Uitspraak
RECHTBANK NOORD-HOLLAND
Het verloop van de procedure en het proces-verbaal van de zitting
Overwegingen
De uitspraak
Het instellen van hoger beroep per e-mail is niet mogelijk.
Rechtbank Noord-Holland
In deze zaak heeft de kantonrechter van de Rechtbank Noord-Holland op 2 december 2022 uitspraak gedaan in een beroep tegen een beslissing van de officier van justitie, die een administratieve sanctie had opgelegd aan de betrokkene. De betrokkene, vertegenwoordigd door mr. A. Khadri van Verkeersboete.nl, had beroep ingesteld tegen de beslissing van de officier van justitie, die een kostenvergoeding had toegewezen. De zaak werd behandeld op de zitting van 22 november 2022, waar zowel de gemachtigde van de betrokkene als de vertegenwoordiger van de officier van justitie aanwezig waren.

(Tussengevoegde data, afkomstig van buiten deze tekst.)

(* Let $\Gamma$ be a numerical semigroup minimally generated by $r_0,\ldots,r_h$ with $h\ge 1$, and suppose $\Gamma$ is free with respect to the arrangement $(r_0,\ldots,r_h)$. For $k\in\{1,\ldots,h+1\}$ let $d_k=\gcd(r_0,\ldots,r_{k-1})$, and for $k\in\{1,\ldots,h\}$ let $e_k=d_k/d_{k+1}$. Then: (1) $\gcd(d_h,r_h)=1$; (2) $d_h$ divides $\mathrm F(\Gamma)+r_h$ (and consequently $d_h$ does not divide $\mathrm F(\Gamma)$); (3) $e_kr_k\in\langle r_0,\ldots,r_{k-1}\rangle$ for all $k=1,\ldots,h$; in particular $e_k\ge 2$; (4) $d_1>d_2>\cdots>d_{h+1}=1$; (5) $d_h\le \frac{\mathrm c(\Gamma)}{r_h-1}+1$; (6) $(d_h-1)(r_h-1)\ge 2^h$.
   Context: A numerical semigroup is a submonoid of $(\mathbb N,+)$ with finite complement in $\mathbb N$; it has a unique minimal generating system. $\mathrm F(\Gamma)$ is the largest integer not in $\Gamma$ ($\mathrm F(\mathbb N)=-1$) and $\mathrm c(\Gamma)=\mathrm F(\Gamma)+1$. $\langle X\rangle$ denotes the submonoid generated by $X$. Gluing: if $A$ is a set of positive integers and $A=A_1\cup A_2$ a nontrivial partition, $A$ is the gluing of $A_1$ and $A_2$ if $\mathrm{lcm}(d_1',d_2')\in\langle A_1\rangle\cap\langle A_2\rangle$ where $d_i'=\gcd(A_i)$; if $A$ is the minimal generating set of $\Gamma$, one says $\Gamma$ is the gluing of the numerical semigroups $\langle A_1/d_1'\rangle$ and $\langle A_2/d_2'\rangle$. Freeness for an arrangement $(r_0,\ldots,r_h)$ of the minimal generators is defined recursively: $\Gamma$ is free if $h=0$ (so $\Gamma=\mathbb N$, $r_0=1$), or if $h\ge1$, $\{r_0,\ldots,r_h\}$ is the gluing of $\{r_0,\ldots,r_{h-1}\}$ and $\{r_h\}$, and $\Gamma_{h-1}=\langle r_0/d_h,\ldots,r_{h-1}/d_h\rangle$ is free for the arrangement $(r_0/d_h,\ldots,r_{h-1}/d_h)$. *)

From mathcomp Require Import all_boot all_order all_algebra.
Set Implicit Arguments. Unset Strict Implicit. Unset Printing Implicit Defensive.
Import GRing.Theory Num.Theory.

Definition gen (A : seq nat) (n : nat) : Prop :=
  exists c : nat -> nat, n = \sum_(i < size A) c i * nth 0 A i.

Definition in_sg (A : seq nat) (z : int) : Prop :=
  exists n : nat, z = Posz n /\ gen A n.

Definition numerical (A : seq nat) : Prop :=
  exists N : nat, forall n : nat, N <= n -> gen A n.

Definition drop_at (i : nat) (A : seq nat) : seq nat := take i A ++ drop i.+1 A.

Definition minimal_gens (r : seq nat) : Prop :=
  numerical r /\ uniq r /\
  forall i, i < size r -> ~ gen (drop_at i r) (nth 0 r i).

De vertegenwoordiger van de officier van justitie stelde dat er geen sprake was van samenhangende zaken, omdat er te veel tijd zat tussen de verschillende hoorzittingen. De kantonrechter oordeelde dat de officier van justitie de boete had vernietigd en een proceskostenvergoeding van € 608,63 had toegekend, maar dat het beroepschrift van de gemachtigde van de betrokkene enkel gericht was op de toekenning van deze proceskostenvergoeding. De gemachtigde voerde aan dat de officier van justitie ten onrechte had geoordeeld dat er sprake was van samenhangende zaken, omdat de hoorzittingen op verschillende momenten hadden plaatsgevonden en de werkzaamheden niet identiek waren geweest.
De kantonrechter volgde het standpunt van de vertegenwoordiger van de officier van justitie en oordeelde dat er geen sprake was van samenhangende zaken. De beslissing van de officier van justitie werd vernietigd en de kantonrechter bepaalde dat de betrokkene recht had op een hogere proceskostenvergoeding. De kantonrechter stelde de proceskostenvergoeding vast op € 253,59, na rekening te hebben gehouden met een eerdere uitbetaling door de officier van justitie. De uitspraak werd gedaan door mr. P.J. Jansen, kantonrechter, en is openbaar uitgesproken.